I started drinking around the age 17, mostly on weekends, did many things I am not proud of and many things I can not remember. After I had my second child I decided to stay home to raise them, I also began to drink more, after my third child the drinking really started. I would wait till 12:00 most of the time, sometimes earlier and start off with beer, by about 3:45 when it was time to pick up my kids at the bus stop, I was already buzzed, my husband would come home, I would have another beer and then switch to wine. After I put the kids to bed and had a few more glasses of wine, now drunk, I would watch some tv, not remembering what it was that I was watching the next day, fall asleep and start this nightmare all over again. I would hide the beer cans in the trash down as deep as I could get them and then go out buy some more, so that my husband would hopefully not know just how much I was drinking.

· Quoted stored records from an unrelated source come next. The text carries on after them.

Lemma cyclic_seed_zigzag j :
  cyclic_seed (mut_seq (loop_moves n ++ zigzag_moves j) (seed0 a)) (~~ odd j)
    (if odd j then vec3 (V j) (V j.+1) a else vec3 (V j.+1) (V j) a)
    (if odd j then vec3 (c j) (c j.+1) (2 * n%:Z) else vec3 (c j.+1) (c j) (2 * n%:Z)).
Proof.
have a_gt0 : (0 < a)%N by apply: leq_trans a_ge3.
elim: j => [|j IHj].
  by rewrite cats0; apply: cyclic_seed_ext (cyclic_seed_loop n a_gt0);
    apply: ord3P; rewrite /vec3 /=; lia.
rewrite /zigzag_moves mkseqS -cats1 catA mut_seq_cat -/(zigzag_moves j) /=.
have := lucasV_le a_ge3 j; have := lucasU_ge0 a_ge3 j.+1.
have w_gt0 i : 0 < (if odd j then vec3 (V j) (V j.+1) a else vec3 (V j.+1) (V j) a) i.
  by move: i; apply: ord3P; case: (odd j); rewrite /vec3 /= ?lucasV_gt0 ?ltz_nat.
move: IHj w_gt0; case: (odd j) => /= IHj w_gt0 V_le U_ge0.
- apply: cyclic_seed_ext (cyclic_seed_mut i0 w_gt0 IHj);
    apply: ord3P; rewrite /= ?ord3E /vec3 /=; nia.
- apply: cyclic_seed_ext (cyclic_seed_mut i1 w_gt0 IHj);
    apply: ord3P; rewrite /= ?ord3E /vec3 /=; nia.
Qed.

Lemma clvar_zigzag_var j : clvar_of_deg (seed0 a) (zigzag_var a n j) (V j.+1).
Proof.
have [_ g_eq _] := cyclic_seed_zigzag j.
exists (loop_moves n ++ zigzag_moves j), (if odd j then i1 else i0).
by split=> //; rewrite g_eq; case: (odd j).
Qed.

Lemma trop_deg_zigzag_var j : trop_deg i0 (zigzag_var a n j) (c j.+1).
Proof.
have [_ _ x_deg] := cyclic_seed_zigzag j.
by move: (x_deg (if odd j then i1 else i0)); rewrite /zigzag_var; case: (odd j).
Qed.
End Zigzag.

Lemma zigzag_var_inj (a j : nat) : (3 <= a)%N -> injective (zigzag_var a ^~ j).
Proof.
move=> a_ge3 n n' eq_var; have := trop_deg_zigzag_var n a_ge3 j.
rewrite eq_var => /trop_deg_uniq /(_ (trop_deg_zigzag_var n' a_ge3 j)).
by move/(mulIf (lt0r_neq0 (lucasU_gt0 a_ge3 j))); lia.
Qed.

Lemma inj_nat_notin (T : eqType) (f : nat -> T) (s : seq T) :
  injective f -> exists n, f n \notin s.
Proof.
move=> f_inj.
suff /hasP[n _ fn_notin] : has (fun n => f n \notin s) (iota 0 (size s).+1) by exists n.
apply: contraT => /hasPn /= all_in.
have : {subset map f (iota 0 (size s).+1) <= s}.
  by move=> _ /mapP[m m_in ->]; move: (all_in m m_in); rewrite negbK.
move/(uniq_leq_size (_ : uniq _)); rewrite map_inj_uniq ?iota_uniq //.
by rewrite size_map size_iota ltnn => /(_ isT).
Qed.

Theorem mainTheorem18 (a : nat) (ha : (3 <= a)%N) :
  forall ds : seq int, exists d : int, d \notin ds /\
    forall zs : seq QX, exists z : QX, z \notin zs /\ clvar_of_deg (seed0 a) z d.
Proof.
move=> ds.
have [j Vj_notin] := inj_nat_notin ds (inj_comp (lucasV_inj ha) succn_inj).
exists (lucas a 2 a j.+1); split=> // zs.
have [n zn_notin] := inj_nat_notin zs (zigzag_var_inj (j := j) ha).
by exists (zigzag_var a n j); split=> //; apply: clvar_zigzag_var.
Qed.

Everyday I would say this is it, this is the day I quit, to only find myself cracking open another beer because I felt as though I was going to jump out of my skin. After my third child started kindergarten I got a part time job in hopes it would slow down my drinking, could not drink during the afternoon, if I was not home to do so. Well, it did help to slow it down, now instead of drinking, oh I don't know 10 - 15 drinks a day, I would drink about 4 to 5 giant glasses of wine and maybe a beer. Which would wake me up every morning around 2:00 am feeling guilty that I drank so much wine, even though I was not drunk when I went to bed anymore at least not durning the week, I knew I should not be drinking so much. Weekends I would go back to my old routine and usually get drunk at least one of the days.

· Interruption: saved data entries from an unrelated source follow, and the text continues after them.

Lemma ess_state_linear_ode (V : R -> R -> CC) (tau chi sigma rho : R -> R) :
  in_gess V tau chi sigma rho ->
  linear_ode_solution 6 (ess_matrix V) (ess_state tau chi sigma rho).
Proof.
  intros H i t Hi. pose proof H as (Ht & Hc & Hs & Hr & _).
  destruct (in_gess_classifying_eqs V tau chi sigma rho t 1 H) as [E1 _].
  destruct (in_gess_classifying_eqs V tau chi sigma rho t (-1) H) as [Em1 _].
  destruct (in_gess_classifying_eqs V tau chi sigma rho t 0 H) as [E0 Eim].
  replace (sum_f_R0 _ 6) with (Derive (ess_state tau chi sigma rho i) t).
  - apply Derive_correct.
    destruct i as [|[|[|[|[|[|]]]]]];
      [exact (Ht 1%nat t)|exact (Ht 2%nat t)|exact (Ht 3%nat t)|exact (Hc 1%nat t)
      |exact (Hc 2%nat t)|exact (Hs 1%nat t)|exact (Hr 1%nat t)].
  - change (Derive_n tau 3 t) with (Derive (Derive_n tau 2) t) in *.
    change (Derive_n chi 2 t) with (Derive (Derive chi) t) in *.
    destruct i as [|[|[|[|[|[|]]]]]];
      cbn [ess_state ess_matrix sum_f_R0 re_row im_row unit_row Nat.eqb];
      change (Derive (Derive tau) t) with (Derive_n tau 2 t); lra.
Qed.

Lemma continuous_pd_t (F : R -> R -> R) (w : list bool) (x t : R) :
  smooth2 F -> continuous (fun s => pd w F s x) t.
Proof.
  intros H. destruct (H w t x) as [_ [_ Hc]].
  apply (continuous_comp_2 (fun s => s) (fun _ => x) (pd w F)); auto.
  - apply continuous_id.
  - apply continuous_const.
Qed.

Lemma re_row_continuous (V : R -> R -> CC) (x : R) (j : nat) (t : R) :
  smooth2 (reV V) -> continuous (fun s => re_row V x s j) t.
Proof.
  intros HR.
  destruct j as [|[|[|[|]]]]; cbn [re_row]; try apply continuous_const.
  - exact (continuous_pd_t _ (true :: nil) x t HR).
  - apply (continuous_plus (fun s => reV V s x) (fun s => / 2 * x * dxR (reV V) s x)).
    + exact (continuous_pd_t _ nil x t HR).
    + apply (continuous_scal_r (/ 2 * x) (fun s => dxR (reV V) s x)).
      exact (continuous_pd_t _ (false :: nil) x t HR).
  - exact (continuous_pd_t _ (false :: nil) x t HR).
Qed.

I can't tell you how many school functions for the kids I missed because I had to much to drink and didn't want to risk driving to the school or how many parties they missed because I didn't want to leave the house on the weekend, I would rather drink. The sadness in my heart was huge, I wanted so much to not drink. Then I found this site and people who are going through what I was going through. I did not want to go to AA meetings I was afraid someone would know me there, then my dirty ugly secret would get out, that I am a drunk.

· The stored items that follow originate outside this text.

(* Let $G=(A,B;E)$ be the incidence graph of a finite set $A$ of points and a finite set $B$ of open axis-parallel rectangles in $\mathbb{R}^2$, and let $k$ be a positive integer. Then $G\otimes k$ is isomorphic to the incidence graph of some finite set of points and some finite set of open axis-parallel rectangles in $\mathbb{R}^2$.
   Context: The incidence graph of points $P$ and rectangles $\mathcal{R}$ is the bipartite graph with classes $P$, $\mathcal{R}$, where $p$ and $R$ are adjacent iff $p\in R$. For a bipartite graph $G=(A,B;E)$ and positive integer $k$, $G\otimes k$ is the bipartite graph with vertex classes $A\times[k]$ and $(B\times[k])\cup A'$, where $A'$ is a disjoint copy of $A$; $(u,i)\in A\times[k]$ and $(v,j)\in B\times[k]$ are adjacent iff $i=j$ and $\{u,v\}\in E$; $(u,i)\in A\times[k]$ and $v\in A'$ are adjacent iff $v$ is the copy of $u$; there are no other edges. *)

From Stdlib Require Import Reals.
From mathcomp Require Import all_boot.
Set Implicit Arguments. Unset Strict Implicit. Unset Printing Implicit Defensive.

Record rect := Rect { rx1 : R; rx2 : R; ry1 : R; ry2 : R }.

Definition rect_ok (r : rect) : Prop := Rlt (rx1 r) (rx2 r) /\ Rlt (ry1 r) (ry2 r).

Definition in_rect (p : R * R) (r : rect) : Prop :=
  (Rlt (rx1 r) (fst p) /\ Rlt (fst p) (rx2 r)) /\
  (Rlt (ry1 r) (snd p) /\ Rlt (snd p) (ry2 r)).

(* A bipartite graph with classes A, B is given by its edge relation E : A -> B -> Prop. *)

Definition incidence (TP TQ : Type) (p : TP -> R * R) (r : TQ -> rect) : TP -> TQ -> Prop :=
  fun a b => in_rect (p a) (r b).

(* G (x) k : classes A x [k] and (B x [k]) + A' (inr a is the copy of a in A'). *)
Definition tensor (A B : Type) (E : A -> B -> Prop) (k : nat) :
    A * 'I_k -> (B * 'I_k) + A -> Prop :=
  fun u v => match v with
             | inl (b, j) => snd u = j /\ E (fst u) b
             | inr a => fst u = a
             end.

Definition bip_iso (A1 B1 A2 B2 : Type) (E1 : A1 -> B1 -> Prop) (E2 : A2 -> B2 -> Prop) : Prop :=
  exists (f : A1 -> A2) (g : B1 -> B2),
    bijective f /\ bijective g /\ forall a b, E1 a b <-> E2 (f a) (g b).

Arguments tensor {A B} E k _ _.

From Stdlib Require Import Reals Lra.
From mathcomp Require Import all_boot.

Set Implicit Arguments.
Unset Strict Implicit.
Unset Printing Implicit Defensive.

(* Perturb the configuration so that all points get distinct heights: since
   the finitely many heights of points and rectangle edges are separated by a
   gap d, raising each point by a distinct amount in (0, d/4] and every bottom
   edge by d/2 keeps every incidence.  Then place the k copies of the
   configuration side by side, squeezing the plane into the vertical strip
   (PI i - PI/2, PI i + PI/2) by x |-> PI i + atan x for copy i.  The copy a'
   of a point a becomes a thin horizontal rectangle crossing all strips at the
   height of a, which meets no other point because the heights are distinct. *)

Local Open Scope R_scope.

Lemma atan_lt_atan u v : atan u < atan v <-> u < v.
Proof.
split; last exact: atan_increasing.
move=> lt_atan; case: (Rlt_le_dec u v) => // /Rle_lt_or_eq_dec [/atan_increasing|eq_uv].
- lra.
- by move: lt_atan; rewrite eq_uv; lra.
Qed.

Lemma atan_inj : injective atan.
Proof.
move=> u v eq_atan.
by case: (Rtotal_order u v) => [/atan_increasing|[//|/atan_increasing]]; lra.
Qed.

Lemma INR_ltn (m n : nat) : (m < n)%N -> INR m + 1 <= INR n.
Proof. by move=> lt_mn; rewrite -S_INR; apply/le_INR/leP. Qed.

Lemma finite_pos_lbound (T : finType) (f : T -> R) :
  exists e, 0 < e /\ forall t, 0 < f t -> e <= f t.
Proof.
suff [e [e_pos e_lb]] : exists e, 0 < e /\
    forall t, t \in enum T -> 0 < f t -> e <= f t.
  by exists e; split=> // t; apply: e_lb; rewrite mem_enum.
elim: (enum T) => [|x s [e [e_pos e_lb]]]; first by exists 1; split; [lra|].
case: (Rlt_dec 0 (f x)) => [fx_pos|fx_npos].
- exists (Rmin e (f x)); split; first exact: Rmin_pos.
  move=> t; rewrite in_cons => /orP [/eqP -> _|t_s ft_pos]; first exact: Rmin_r.
  exact: Rle_trans (Rmin_l _ _) (e_lb t t_s ft_pos).
- exists e; split=> // t; rewrite in_cons => /orP [/eqP -> //|t_s].
  exact: e_lb.
Qed.

Lemma finite_gap (T : finType) (f : T -> R) :
  exists e, 0 < e /\ forall s t, f s < f t -> e <= f t - f s.
Proof.
have [e [e_pos e_lb]] := finite_pos_lbound (fun st : (T * T)%type => f st.2 - f st.1).
by exists e; split=> // s t lt_st; apply: (e_lb (s, t)) => /=; lra.
Qed.

Lemma exists_small_injective (T : finType) (c : R) :
  0 < c -> exists f : T -> R, injective f /\ forall t, 0 < f t <= c.
Proof.
move=> c_pos; exists (fun t => c / (INR (enum_rank t) + 1)); split.
- move=> s t /(Rmult_eq_reg_l c) /(_ (Rgt_not_eq _ _ c_pos)) /Rinv_eq_reg eq_st.
  by apply/enum_rank_inj/ord_inj/INR_eq; lra.
- move=> t; have rank_ge0 := pos_INR (enum_rank t); split.
  + by apply: Rdiv_lt_0_compat; lra.
  + rewrite -[X in _ <= X]Rmult_1_r; apply: Rmult_le_compat_l; first lra.
    by rewrite -Rinv_1; apply: Rinv_le_contravar; lra.
Qed.

Lemma nudge_interval (lo hi y d e : R) :
  0 < e <= d / 4 -> (lo < y -> d <= y - lo) -> (y < hi -> d <= hi - y) ->
  lo < y < hi <-> lo + d / 2 < y + e < hi.
Proof.
move=> e_bd gap_lo gap_hi; split=> [[lo_y y_hi]|[lo_ye ye_hi]].
- by have := gap_lo lo_y; have := gap_hi y_hi; lra.
- split; last lra.
  by case: (Rlt_le_dec lo y) => // y_lo; lra.
Qed.

Lemma tensor_equiv (A B : Type) (E E' : A -> B -> Prop) (k : nat) :
  (forall a b, E a b <-> E' a b) -> forall u v, tensor E k u v <-> tensor E' k u v.
Proof. by move=> eqE [a i] [[b j]|c] //=; rewrite eqE. Qed.

Lemma bip_iso_of_equiv (A B : Type) (E E' : A -> B -> Prop) :
  (forall a b, E a b <-> E' a b) -> bip_iso E E'.
Proof.
move=> eqE; exists id, id; split; [|split] => //; exact: (Bijective (g := id)).
Qed.

Section DistinctHeights.

Variables (TA TB : finType) (pA : TA -> R * R) (rB : TB -> rect).
Hypothesis injB : injective rB.
Hypothesis okB : forall b, rect_ok (rB b).

Let level (v : TA + (TB + TB)) : R :=
  match v with
  | inl a => snd (pA a)
  | inr (inl b) => ry1 (rB b)
  | inr (inr b) => ry2 (rB b)
  end.

Lemma distinct_heights :
  exists (pA' : TA -> R * R) (rB' : TB -> rect),
    [/\ injective (fun a => snd (pA' a)), injective rB',
        (forall b, rect_ok (rB' b)) &
        forall a b, incidence pA rB a b <-> incidence pA' rB' a b].
Proof.
have [d [d_pos gap]] := finite_gap level.
have gap_points a c : snd (pA a) < snd (pA c) -> d <= snd (pA c) - snd (pA a).
  exact: gap (inl a) (inl c).
have gap_bottom a b : ry1 (rB b) < snd (pA a) -> d <= snd (pA a) - ry1 (rB b).
  exact: gap (inr (inl b)) (inl a).
have gap_top a b : snd (pA a) < ry2 (rB b) -> d <= ry2 (rB b) - snd (pA a).
  exact: gap (inl a) (inr (inr b)).
have gap_edges b : ry1 (rB b) < ry2 (rB b) -> d <= ry2 (rB b) - ry1 (rB b).
  exact: gap (inr (inl b)) (inr (inr b)).
have d4_pos : 0 < d / 4 by lra.
have [nu [nu_inj nu_bd]] := exists_small_injective TA d4_pos.
exists (fun a => (fst (pA a), snd (pA a) + nu a)).
exists (fun b => Rect (rx1 (rB b)) (rx2 (rB b)) (ry1 (rB b) + d / 2) (ry2 (rB b))).
split.
- move=> a c /= eq_ac; have := nu_bd a; have := nu_bd c.
  case: (Rtotal_order (snd (pA a)) (snd (pA c))) => [lt_ac|[eq_y|gt_ac]].
  + by have := gap_points a c lt_ac; lra.
  + by move=> _ _; apply: nu_inj; lra.
  + by have := gap_points c a gt_ac; lra.
- move=> b c [eq_x1 eq_x2 eq_y1 eq_y2]; apply: injB.
  by move: eq_x1 eq_x2 eq_y1 eq_y2; case: (rB b) => ????; case: (rB c) => ???? /= -> -> ? ->;
    congr Rect; lra.
- move=> b; have [ok_x ok_y] := okB b; split=> //=.
  by have := gap_edges b ok_y; lra.
- move=> a b; rewrite /incidence /in_rect /=; apply: and_iff_compat_l.
  apply: nudge_interval => [|lo_y|y_hi]; first by have := nu_bd a; lra.
  + exact: gap_bottom a b lo_y.
  + exact: gap_top a b y_hi.
Qed.

End DistinctHeights.

Definition strip (i : nat) (u : R) : R := PI * INR i + atan u.

Lemma strip_bound i u : PI * INR i - PI / 2 < strip i u < PI * INR i + PI / 2.
Proof. by rewrite /strip; have := atan_bound u; lra. Qed.

Lemma strip_lt_strip (i j : nat) u v : (i < j)%N -> strip i u < strip j v.
Proof.
move=> /INR_ltn /(Rmult_le_compat_l PI _ _ (Rlt_le _ _ PI_RGT_0)) lt_ij.
by have := strip_bound i u; have := strip_bound j v; lra.
Qed.

Lemma strip_lt_strip_r i u v : strip i u < strip i v <-> u < v.
Proof.
by rewrite /strip; split=> [lt_strip|/atan_increasing]; [apply/atan_lt_atan|]; lra.
Qed.

Lemma strip_inj (i j : nat) u v : strip i u = strip j v -> i = j /\ u = v.
Proof.
case: (ltngtP i j) => [/strip_lt_strip lt_ij|/strip_lt_strip lt_ji|<-] eq_strip.
- by have := lt_ij u v; lra.
- by have := lt_ji v u; lra.
- by split=> //; apply: atan_inj; move: eq_strip; rewrite /strip; lra.
Qed.

Lemma strip_interval (i j : nat) u lo hi :
  strip j lo < strip i u < strip j hi <-> i = j /\ lo < u < hi.
Proof.
split=> [[lo_u u_hi]|[-> [lo_u u_hi]]]; last by rewrite !strip_lt_strip_r.
case: (ltngtP i j) => [/strip_lt_strip lt_ij|/strip_lt_strip lt_ji|eq_ij].
- by have := lt_ij u lo; lra.
- by have := lt_ji hi u; lra.
- by move: lo_u u_hi; rewrite eq_ij !strip_lt_strip_r.
Qed.

Lemma strip_range (k : nat) (i : 'I_k) u : - PI < strip i u < PI * INR k.
Proof.
have := strip_bound i u; have := INR_ltn (ltn_ord i); have := pos_INR i.
by have := PI_RGT_0; nra.
Qed.

Section Tensor.

Variables (TA TB : finType) (pA : TA -> R * R) (rB : TB -> rect) (k : nat) (e : R).
Hypothesis heights_inj : injective (fun a => snd (pA a)).
Hypothesis e_pos : 0 < e.
Hypothesis heights_gap :
  forall a c, snd (pA a) < snd (pA c) -> e <= snd (pA c) - snd (pA a).

Definition tensor_point : TA * 'I_k -> R * R :=
  fun u => (strip u.2 (fst (pA u.1)), snd (pA u.1)).

Definition tensor_rect : (TB * 'I_k) + TA -> rect :=
  fun v => match v with
  | inl (b, j) => Rect (strip j (rx1 (rB b))) (strip j (rx2 (rB b))) (ry1 (rB b)) (ry2 (rB b))
  | inr a => Rect (- PI) (PI * INR k) (snd (pA a) - e / 2) (snd (pA a) + e / 2)
  end.

Lemma near_height a c :
  snd (pA a) - e / 2 < snd (pA c) < snd (pA a) + e / 2 <-> c = a.
Proof.
split=> [near_ac|->]; last lra.
case: (Rtotal_order (snd (pA a)) (snd (pA c))) => [lt_ac|[eq_ac|gt_ac]].
- by have := heights_gap lt_ac; lra.
- exact: heights_inj.
- by have := heights_gap gt_ac; lra.
Qed.

Lemma tensor_point_inj : injective tensor_point.
Proof.
move=> [a i] [c j] [/strip_inj [eq_ij _] /heights_inj eq_ac].
by rewrite eq_ac (val_inj eq_ij).
Qed.

Lemma tensor_rect_inj : injective rB -> injective tensor_rect.
Proof.
move=> injB [[b i]|a] [[c j]|a'] //=.
- move=> [eq_x1 eq_x2 eq_y1 eq_y2].
  have [eq_ij eq_rx1] := strip_inj eq_x1; have [_ eq_rx2] := strip_inj eq_x2.
  rewrite (val_inj eq_ij) (injB b c) //.
  by move: eq_rx1 eq_rx2 eq_y1 eq_y2; case: (rB b) => ????; case: (rB c) => ???? /= -> -> -> ->.
- by move=> [eq_x1 _ _ _]; have := strip_range i (rx1 (rB b)); lra.
- by move=> [eq_x1 _ _ _]; have := strip_range j (rx1 (rB c)); lra.
- by move=> [eq_y1 _]; congr inr; apply: heights_inj => /=; lra.
Qed.

Lemma tensor_rect_ok : (forall b, rect_ok (rB b)) -> forall v, rect_ok (tensor_rect v).
Proof.
move=> okB [[b j]|a]; rewrite /rect_ok /=.
- by have [ok_x ok_y] := okB b; rewrite strip_lt_strip_r.
- by have := Rmult_le_pos _ _ (Rlt_le _ _ PI_RGT_0) (pos_INR k); have := PI_RGT_0; lra.
Qed.

Lemma tensor_incidence u v :
  tensor (incidence pA rB) k u v <-> incidence tensor_point tensor_rect u v.
Proof.
case: u v => [a i] [[b j]|c]; rewrite /tensor /incidence /in_rect /=.
- rewrite -and_assoc strip_interval.
  by split=> [[[-> in_x] in_y]|[[/ord_inj -> in_x] in_y]].
- by rewrite near_height; split=> [<-|[_ <-]] //; split=> //; apply: strip_range.
Qed.

End Tensor.

Local Close Scope R_scope.

Theorem lemma5p4 (TA TB : finType) (pA : TA -> R * R) (rB : TB -> rect)
    (injA : injective pA) (injB : injective rB) (okB : forall b, rect_ok (rB b))
    (k : nat) (hk : 0 < k) :
  exists (TP TQ : finType) (p : TP -> R * R) (r : TQ -> rect),
    [/\ injective p, injective r, (forall q, rect_ok (r q)) &
        bip_iso (tensor (incidence pA rB) k) (incidence p r)].
Proof.
have [pA' [rB' [heights_inj injB' okB' same_incidence]]] := distinct_heights pA injB okB.
have [e [e_pos heights_gap]] := finite_gap (fun a => snd (pA' a)).
exists (TA * 'I_k)%type, ((TB * 'I_k) + TA)%type.
exists (@tensor_point _ pA' k), (@tensor_rect _ _ pA' rB' k e); split.
- exact: tensor_point_inj.
- exact: tensor_rect_inj.
- exact: tensor_rect_ok.
- apply: bip_iso_of_equiv => u v.
  exact: iff_trans (tensor_equiv same_incidence u v)
                   (tensor_incidence rB' heights_inj e_pos heights_gap u v).
Qed.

So I buried myself here, many many hours just reading other stories, tears pouring down my face, with hurt not just for myself but for everyone here going through the same thing. But I was determined to not give up and keep fighting, I knew God was convicting my heart on this issue and I finally realized if I just give it to him, he will see me through, I belive it was through God that led me here. I also finally believed if I don't give up he will set me free and he did. Happy to say it will be four years this summer and I could not be more happy. I guess the point I am trying to get at, is don't give up, don't stop fighting, it's a fight worth figting. I will be praying for all of you, that your day will come and it will, when you can look back and say I won.